The sciences to which Wilkins was most attracted were astronomy, physics, and mechanics. Two of his very popular English textbooks are on display.
Published in the same year that Wilkins became Warden of Wadham, Mathematical Magick is a book of technological wonders, which explores the ways in which mechanical ingenuity either already was, or could, transform the human condition. The word “mathematical” in the title denotes that the wonders are about predictable, calculable, physical forces, while “Magick” means something inspiring and breath-taking, but not occult or mysterious. For here we have completely rational wonders.

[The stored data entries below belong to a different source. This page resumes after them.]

(* Let $(X,\widetilde{\tau},\mathfrak{a}_E,E)$ be a soft aura topological space. For every $(G,E)\in\mathrm{SS}(X,E)$, the transfinite sequence $(\mathrm{cl}_{\mathfrak{a}}^{\alpha}(G,E))_{\alpha}$ stabilizes at some ordinal $\gamma\le|X|$. The operator $\mathrm{cl}_{\mathfrak{a}}^{\infty}(G,E):=\mathrm{cl}_{\mathfrak{a}}^{\gamma}(G,E)$ is a soft Kuratowski closure operator, i.e. it satisfies $\mathrm{cl}_{\mathfrak{a}}^{\infty}(\widetilde{\Phi})=\widetilde{\Phi}$, $(G,E)\sqsubseteq\mathrm{cl}_{\mathfrak{a}}^{\infty}(G,E)$, $\mathrm{cl}_{\mathfrak{a}}^{\infty}((G,E)\sqcup(H,E))=\mathrm{cl}_{\mathfrak{a}}^{\infty}(G,E)\sqcup\mathrm{cl}_{\mathfrak{a}}^{\infty}(H,E)$, and $\mathrm{cl}_{\mathfrak{a}}^{\infty}(\mathrm{cl}_{\mathfrak{a}}^{\infty}(G,E))=\mathrm{cl}_{\mathfrak{a}}^{\infty}(G,E)$ for all $(G,E),(H,E)\in\mathrm{SS}(X,E)$.
   Context: Let $X$ be a nonempty set and $E$ a nonempty parameter set. A soft set over $X$ is a map $F:E\to\mathcal{P}(X)$, written $(F,E)$; $\mathrm{SS}(X,E)$ denotes all soft sets. Operations ($\sqsubseteq$, soft union $\sqcup$ including arbitrary unions, etc.) are parameterwise; $\widetilde{\Phi}$ is the soft set with all values $\emptyset$. A soft topology $\widetilde{\tau}$ is a subfamily of $\mathrm{SS}(X,E)$ containing $\widetilde{\Phi}$ and the soft set with all values $X$, closed under arbitrary soft unions and finite soft intersections. A soft scope function is a map $\mathfrak{a}_E:X\to\widetilde{\tau}$ with $x\in\mathfrak{a}_E(x)(e)$ for all $x\in X$, $e\in E$; $(X,\widetilde{\tau},\mathfrak{a}_E,E)$ is a soft aura topological space. Soft aura-closure: $\mathrm{cl}_{\mathfrak{a}}(G,E)(e)=\{x\in X:\mathfrak{a}_E(x)(e)\cap G(e)\neq\emptyset\}$. Transfinite iterates: $\mathrm{cl}_{\mathfrak{a}}^0(G,E)=(G,E)$; $\mathrm{cl}_{\mathfrak{a}}^{\alpha+1}(G,E)=\mathrm{cl}_{\mathfrak{a}}(\mathrm{cl}_{\mathfrak{a}}^{\alpha}(G,E))$; $\mathrm{cl}_{\mathfrak{a}}^{\lambda}(G,E)=\bigsqcup_{\alpha<\lambda}\mathrm{cl}_{\mathfrak{a}}^{\alpha}(G,E)$ for limit ordinals $\lambda$. *)

From Stdlib Require Import Classical ClassicalEpsilon FunctionalExtensionality.

Set Implicit Arguments.

Definition softset (X E : Type) := E -> X -> Prop.

Section Soft.
Variables X E : Type.

Definition soft_empty : softset X E := fun _ _ => False.
Definition soft_full : softset X E := fun _ _ => True.
Definition soft_sub (G H : softset X E) : Prop := forall e x, G e x -> H e x.
Definition soft_union (G H : softset X E) : softset X E :=
  fun e x => G e x \/ H e x.
Definition soft_inter (G H : softset X E) : softset X E :=
  fun e x => G e x /\ H e x.
Definition soft_bigunion (F : softset X E -> Prop) : softset X E :=
  fun e x => exists S, F S /\ S e x.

Inspired by the great voyages of geographical discovery, by Columbus, Magellan, Drake, and others, Wilkins, like Sir Francis Bacon, was fascinated by the way in which mechanical ingenuity and inventions had already transformed European culture: with great ocean-going ships, guns, clocks, windmills, printing, engraving, oil painting, automata, the drainage of the Dutch polder, the magnetic compass and the astronomical telescope. And in his treatment of “Mechanical motions” the operational and practical sometimes coalesced with the visionary, as he discussed things as diverse as windmill-drives for a steerable road “car” with a back axel transmission system, an already-operational wind ship on wheels that thundered across the flat lands of Holland at 20 miles an hour, and onto complex futuristic geared devices whereby a man might uproot a great oak tree with a single puff of breath! The “art of flying” exerted a powerful hold on Wilkins’ imagination, as he saw the production of a viable flying machine, or even a “flying chariot” space vehicle in which one might fly to the moon, as not too far in the future.
Wilkins saw mechanical inventions of all sorts as making life safer, more predictable and less back-breaking. What is more, applied science and technology could also be spiritually redemptive, as man’s good curiosity helped alleviate the burden of grinding toil to which humanity had been condemned at the Fall.

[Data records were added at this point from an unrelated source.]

(* Let $R$ be a commutative Noetherian ring, $N$ an $R$-module, $M$ a primeful $R$-module having at least one prime submodule, $X=\mathrm{Spec}(M)$, $K\le M$, and $U=X\setminus V(K)$. Then for each $\gamma=(\gamma_{\mathfrak p})_{\mathfrak p\in\mathrm{Supp}(U)}\in\mathcal{A}(N,M)(U)$ there exist $r\in\mathbb{N}$, elements $s_1,\dots,s_r\in (K:M)$ and $m_1,\dots,m_r\in N$ such that $U=\bigcup_{i=1}^r X_{s_i}$ and, for each $i=1,\dots,r$ and each $P\in X_{s_i}$, $\gamma_{(P:M)}=m_i/s_i$ in $N_{(P:M)}$.
   Context: For a submodule $L$ of an $R$-module $M$, $(L:M)=\{r\in R\mid rM\subseteq L\}$. A submodule $P$ of $M$ is prime if $P\neq M$ and whenever $rm\in P$ ($r\in R$, $m\in M$) then $r\in (P:M)$ or $m\in P$. $\mathrm{Spec}(M)$ is the set of prime submodules. $M$ is primeful if $M=0$ or the map $\mathrm{Spec}(M)\to\mathrm{Spec}(R/\mathrm{Ann}(M))$, $P\mapsto (P:M)/\mathrm{Ann}(M)$, is surjective. For $L\le M$, $V(L)=\{P\in X\mid (P:M)\supseteq (L:M)\}$; these are the closed sets of the Zariski topology on $X$. For $r\in R$, $X_r=X\setminus V(rM)$. For open $U\subseteq X$, $\mathrm{Supp}(U)=\{(P:M)\mid P\in U\}$. $\mathcal{A}(N,M)(U)$ is the set of families $(\gamma_{\mathfrak p})_{\mathfrak p\in\mathrm{Supp}(U)}\in\prod_{\mathfrak p\in\mathrm{Supp}(U)}N_{\mathfrak p}$ such that for each $Q\in U$ there exist an open neighbourhood $W\subseteq U$ of $Q$ and $s\in R$, $m\in N$ with $s\notin (P:M)$ and $\gamma_{(P:M)}=m/s\in N_{(P:M)}$ for every $P\in W$. *)

From HB Require Import structures.
From mathcomp Require Import all_boot all_algebra.
Set Implicit Arguments. Unset Strict Implicit. Unset Printing Implicit Defensive.
Import GRing.Theory.
Local Open Scope ring_scope.

Section Defs.
Variable R : comPzRingType.

Definition psub {T : Type} (A B : T -> Prop) := forall x, A x -> B x.

Definition is_ideal (I : R -> Prop) :=
  I 0 /\ (forall a b, I a -> I b -> I (a + b)) /\ (forall r a, I a -> I (r * a)).
Definition is_prime_ideal (p : R -> Prop) :=
  is_ideal p /\ ~ p 1 /\ (forall a b, p (a * b) -> p a \/ p b).

Definition noetherian_ring :=
  forall I : nat -> R -> Prop, (forall n, is_ideal (I n)) ->
    (forall n, psub (I n) (I n.+1)) ->
    exists n, forall k, (n <= k)%N -> I k = I n.

Section Module.
Variable M : lmodType R.

Definition is_submodule (L : M -> Prop) :=
  L 0 /\ (forall x y, L x -> L y -> L (x + y)) /\ (forall r x, L x -> L (r *: x)).

Definition colon (L : M -> Prop) : R -> Prop := fun r => forall m : M, L (r *: m).

Definition Ann : R -> Prop := colon (fun m => m = 0).

Definition is_prime_submodule (P : M -> Prop) :=
  is_submodule P /\ (exists m, ~ P m) /\
  (forall r m, P (r *: m) -> colon P r \/ P m).

Definition SpecM (P : M -> Prop) := is_prime_submodule P.

(* Primeful: M = 0 or every prime ideal of R/Ann(M) (i.e. every prime ideal of
   R containing Ann(M)) is of the form (P:M)/Ann(M). *)
Definition primeful :=
  (forall m : M, m = 0) \/
  (forall p, is_prime_ideal p -> psub Ann p ->
     exists P, SpecM P /\ colon P = p).

Definition V (L : M -> Prop) (P : M -> Prop) := SpecM P /\ psub (colon L) (colon P).

Definition rM (r : R) : M -> Prop := fun x => exists m, x = r *: m.

Definition Xr (r : R) (P : M -> Prop) := SpecM P /\ ~ V (rM r) P.

Definition zopen (U : (M -> Prop) -> Prop) :=
  exists L, is_submodule L /\ forall P, U P <-> (SpecM P /\ ~ V L P).

Definition Supp (U : (M -> Prop) -> Prop) (p : R -> Prop) :=
  exists P, U P /\ colon P = p.

End Module.

Section Loc.
Variable N : lmodType R.

(* The element m/s of the localization N_p, represented as the equivalence
   class of (m, s) under (m,s) ~ (m',s') iff t(s' m - s m') = 0 for some t \notin p. *)
Definition locfrac (p : R -> Prop) (m : N) (s : R) : N * R -> Prop :=
  fun x => ~ p x.2 /\ exists t, ~ p t /\ t *: (s *: x.1 - x.2 *: m) = 0.

Definition is_loc_elt (p : R -> Prop) (c : N * R -> Prop) :=
  exists m s, ~ p s /\ c = locfrac p m s.

(* A(N,M)(U): families gamma indexed by p in Supp(U) (values outside Supp(U)
   are irrelevant), gamma p in N_p. *)
Definition sectionA (M : lmodType R) (U : (M -> Prop) -> Prop)
  (gamma : (R -> Prop) -> N * R -> Prop) :=
  (forall p, Supp U p -> is_loc_elt p (gamma p)) /\
  (forall Q, U Q -> exists W (s : R) (m : N),
     zopen W /\ W Q /\ psub W U /\
     forall P, W P -> ~ colon P s /\ gamma (colon P) = locfrac (colon P) m s).

End Loc.
End Defs.

(* Each point Q of U = X \ V(K) has a neighbourhood on which gamma is m/s; multiplying
   numerator and denominator by a in (K:M) and b in (L:M), both outside (Q:M), where
   W = X \ V(L) is that neighbourhood, gives a representation m'/s' valid on all of
   X_{s'} with s' in (K:M) and Q in X_{s'}.  Since R is Noetherian, the ideal generated
   by all such denominators s' is generated by finitely many of them, s_1, ..., s_r; a
   prime (P:M) missing some s' then misses some s_i, so these X_{s_i} cover U. *)
From mathcomp Require Import all_boot all_algebra.
From Stdlib Require Import Classical FunctionalExtensionality PropExtensionality IndefiniteDescription.
Set Implicit Arguments. Unset Strict Implicit. Unset Printing Implicit Defensive.
Import GRing.Theory.
Local Open Scope ring_scope.

Section Span.
Variable R : comPzRingType.

Fixpoint span (l : seq R) (a : R) : Prop :=
  match l with
  | [::] => a = 0
  | x :: l' => exists c b, span l' b /\ a = c * x + b
  end.

Lemma span_ideal l : is_ideal (span l).
Proof.
elim: l => [|x l [I0 [ID IM]]] /=.
  split=> //; split; first by move=> a b -> ->; rewrite addr0.
  by move=> r a ->; rewrite mulr0.
split; first by exists 0, 0; split=> //; rewrite mul0r addr0.
split.
  move=> a b [c1 [b1 [H1 ->]]] [c2 [b2 [H2 ->]]].
  exists (c1 + c2), (b1 + b2); split; first exact: ID.
  by rewrite mulrDl -!addrA; congr (_ + _); rewrite addrCA.
move=> r a [c [b [H ->]]]; exists (r * c), (r * b); split; first exact: IM.
by rewrite mulrDr mulrA.
Qed.

Lemma span_cons x l a : span l a -> span (x :: l) a.
Proof. by move=> H; exists 0, a; split=> //; rewrite mul0r add0r. Qed.

Lemma span_cons_head x l : span (x :: l) x.
Proof.
exists 1, 0; split; first by case: (span_ideal l).
by rewrite mul1r addr0.
Qed.

Lemma span_notin_ideal (p : R -> Prop) l a : is_ideal p -> span l a -> ~ p a ->
  exists2 i, (i < size l)%N & ~ p (nth 0 l i).
Proof.
move=> [p0 [pD pM]]; elim: l a => [|x l IH] a /=; first by move=> -> /(_ p0).
move=> [c [b [Hb ->]]] Hn.
case: (classic (p x)) => Hx; last by exists 0%N.
have Hb' : ~ p b by move=> pb; apply: Hn; apply: pD => //; exact: pM.
by case: (IH b Hb Hb') => i Hi Hpi; exists i.+1.
Qed.

(* If no finite family in S spanned g(S), choosing at each step an element outside
   the current span would give a strictly increasing chain of ideals. *)
Lemma noetherian_finite_span (T : Type) (t0 : T) (g : T -> R) (S : T -> Prop) :
  noetherian_ring R ->
  exists l : seq T, (forall i, (i < size l)%N -> S (nth t0 l i)) /\
    (forall x, S x -> span (map g l) (g x)).
Proof.
move=> noethR; apply: NNPP => no_basis.
pose inS l := forall i, (i < size l)%N -> S (nth t0 l i).
have next_ex l : exists x : T, inS l -> S x /\ ~ span (map g l) (g x).
  case: (classic (inS l)) => Hl; last by exists t0.
  apply: NNPP => Hc; apply: no_basis; exists l; split=> // x Sx.
  by apply: NNPP => Hs; apply: Hc; exists x.
pose next l := proj1_sig (constructive_indefinite_description _ (next_ex l)).
have nextP l : inS l -> S (next l) /\ ~ span (map g l) (g (next l)).
  exact: (proj2_sig (constructive_indefinite_description _ (next_ex l))).
pose fix chain n := if n is n'.+1 then next (chain n') :: chain n' else [::].
have chain_inS n : inS (chain n).
  elim: n => [|n IH] //= [|i] /=; first by move=> _; case: (nextP _ IH).
  exact: IH.
have [n stable] := noethR (fun n => span (map g (chain n))) (fun n => span_ideal _)
   (fun n a => @span_cons (g (next (chain n))) _ a).
have /= E := stable n.+1 (leqnSn n).
case: (nextP _ (chain_inS n)) => _; apply.
by rewrite -E; apply: span_cons_head.
Qed.

End Span.

Section Colon.
Variable R : comPzRingType.
Variables N M : lmodType R.

Lemma colon_ideal (L : M -> Prop) : is_submodule L -> is_ideal (colon L).
Proof.
move=> [L0 [LD LZ]]; split; first by move=> m; rewrite scale0r.
split; first by move=> a b Ha Hb m; rewrite scalerDl; apply: LD.
by move=> r a Ha m; rewrite -scalerA; apply: LZ.
Qed.

Lemma colon_prime (P : M -> Prop) a b : SpecM P ->
  colon P (a * b) -> colon P a \/ colon P b.
Proof.
move=> [_ [_ HP]] Hab.
case: (classic (colon P b)) => Hb; [by right | left].
move=> m; have : P (b *: (a *: m)) by rewrite scalerA mulrC.
by case/HP.
Qed.

Lemma notV_colon (L P : M -> Prop) : SpecM P ->
  ~ V L P <-> exists2 b, colon L b & ~ colon P b.
Proof.
move=> SP; split=> [nV | [b Lb Pb] [_ /(_ b Lb)] //].
apply: NNPP => H; apply: nV; split=> // b Lb; apply: NNPP => Pb.
by apply: H; exists b.
Qed.

Lemma Xr_colon r (P : M -> Prop) : Xr r P <-> SpecM P /\ ~ colon P r.
Proof.
split.
  move=> [SP HV]; split=> // Hr; apply: HV; split=> // c Hc m.
  by have [m' ->] := Hc m; apply: Hr.
move=> [SP Hr]; split=> // [[_ H]]; apply: Hr; apply: H.
by move=> m; exists m.
Qed.

Lemma locfrac_scale (P : M -> Prop) (m : N) s e : SpecM P -> ~ colon P e ->
  locfrac (colon P) (e *: m) (e * s) = locfrac (colon P) m s.
Proof.
move=> SP He; apply: functional_extensionality => x.
have key : (e * s) *: x.1 - x.2 *: (e *: m) = e *: (s *: x.1 - x.2 *: m).
  by rewrite scalerBr !scalerA [x.2 * e]mulrC.
apply: propositional_extensionality; rewrite /locfrac key; split.
  move=> [H1 [t [Ht E]]]; split=> //; exists (t * e); split; last by rewrite -scalerA.
  by case/(colon_prime SP).
move=> [H1 [t [Ht E]]]; split=> //; exists t; split=> //.
by rewrite scalerA mulrC -scalerA E scaler0.
Qed.

End Colon.

Section Sections.
Variable R : comPzRingType.
Variables N M : lmodType R.
Variable K : M -> Prop.
Variable gamma : (R -> Prop) -> N * R -> Prop.

Definition global_frac (x : R * N) :=
  colon K x.1 /\
  forall P : M -> Prop, Xr x.1 P -> gamma (colon P) = locfrac (colon P) x.2 x.1.

Lemma section_global_frac_at (Q : M -> Prop) :
  is_submodule K -> sectionA (fun P : M -> Prop => SpecM P /\ ~ V K P) gamma ->
  SpecM Q -> ~ V K Q -> exists2 x, global_frac x & ~ colon Q x.1.
Proof.
move=> HK [_ Hsec] SQ nVK.
have [W [s [m [[L [HL defW]] [WQ [_ HW]]]]]] := Hsec Q (conj SQ nVK).
have [_ /(notV_colon _ SQ) [b Lb Qb]] := proj1 (defW Q) WQ.
have [a Ka Qa] := proj1 (notV_colon K SQ) nVK.
have [_ [_ IKmul]] := colon_ideal HK.
have Qs := (HW Q WQ).1.
exists ((a * b) * s, (a * b) *: m); last first.
  by move=> /= /(colon_prime SQ) [/(colon_prime SQ) [] |].
split; first by rewrite /= -mulrA mulrC; apply: IKmul.
move=> P /= /Xr_colon [SP nabs].
have [_ [_ IPmul]] := colon_ideal SP.1.
have nab : ~ colon P (a * b) by move=> H; apply: nabs; rewrite mulrC; apply: IPmul.
have nb : ~ colon P b by move=> H; apply: nab; apply: IPmul.
have WP : W P by apply/defW; split=> //; apply/notV_colon => //; exists b.
by rewrite (proj2 (HW P WP)) (locfrac_scale _ _ SP nab).
Qed.

End Sections.

Theorem lemma3p5 (R : comPzRingType) (N M : lmodType R)
  (K : M -> Prop) (gamma : (R -> Prop) -> N * R -> Prop) :
  noetherian_ring R ->
  primeful M ->
  (exists P : M -> Prop, SpecM P) ->
  is_submodule K ->
  sectionA (fun P : M -> Prop => SpecM P /\ ~ V K P) gamma ->
  exists (r : nat) (s : nat -> R) (m : nat -> N),
    (forall i, (i < r)%N -> colon K (s i)) /\
    (forall P : M -> Prop, (SpecM P /\ ~ V K P) <-> exists2 i, (i < r)%N & Xr (s i) P) /\
    (forall (i : nat) (P : M -> Prop), (i < r)%N -> Xr (s i) P ->
       gamma (colon P) = locfrac (colon P) (m i) (s i)).
Proof.
move=> noethR _ _ HK Hsec.
have [l [l_global span_l]] :=
  noetherian_finite_span (0, 0) fst (global_frac K gamma) noethR.
exists (size l), (fun i => (nth (0, 0) l i).1), (fun i => (nth (0, 0) l i).2).
split; first by move=> i /l_global [].
split; last by move=> i P /l_global [_ H] /H.
move=> P; split.
  move=> [SP nVK]; have [x Gx Px] := section_global_frac_at HK Hsec SP nVK.
  have [i] := span_notin_ideal (colon_ideal SP.1) (span_l x Gx) Px.
  rewrite size_map => Hi; rewrite (nth_map (0, 0)) // => Pi.
  by exists i => //; apply/Xr_colon.
move=> [i Hi /Xr_colon [SP Pi]]; split=> //; apply/notV_colon => //.
by exists (nth (0, 0) l i).1 => //; case: (l_global i Hi).
Qed.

Domestic gadgets also appealed to Wilkins – indeed, as did all labour-saving devices – and the copy of Mathematical Magick on display is open to the illustration of a hot-air turbine, used to turn a spit over a kitchen fire. A vane (or to us, a turbine fan) is built into the narrow throat of the chimney, and is connected by pinion gears and pulleys to the spit. As the fire gets hotter, the meat rotates faster, to ensure we have roasting all around.
I would suggest that this is one of the earliest examples of what we would nowadays call a “smart” invention, or something which responded automatically to changing environmental conditions, independent of human interference.
John Wilkins’ ideas had a remarkable impact on his contemporary and later generations. These included inspiring the early Royal Society, being attacked by more conservative thinkers, and even parodied. But Wilkins’ influence in shaping the experimental brilliance and ingenuity of the young Robert Hooke is beyond dispute.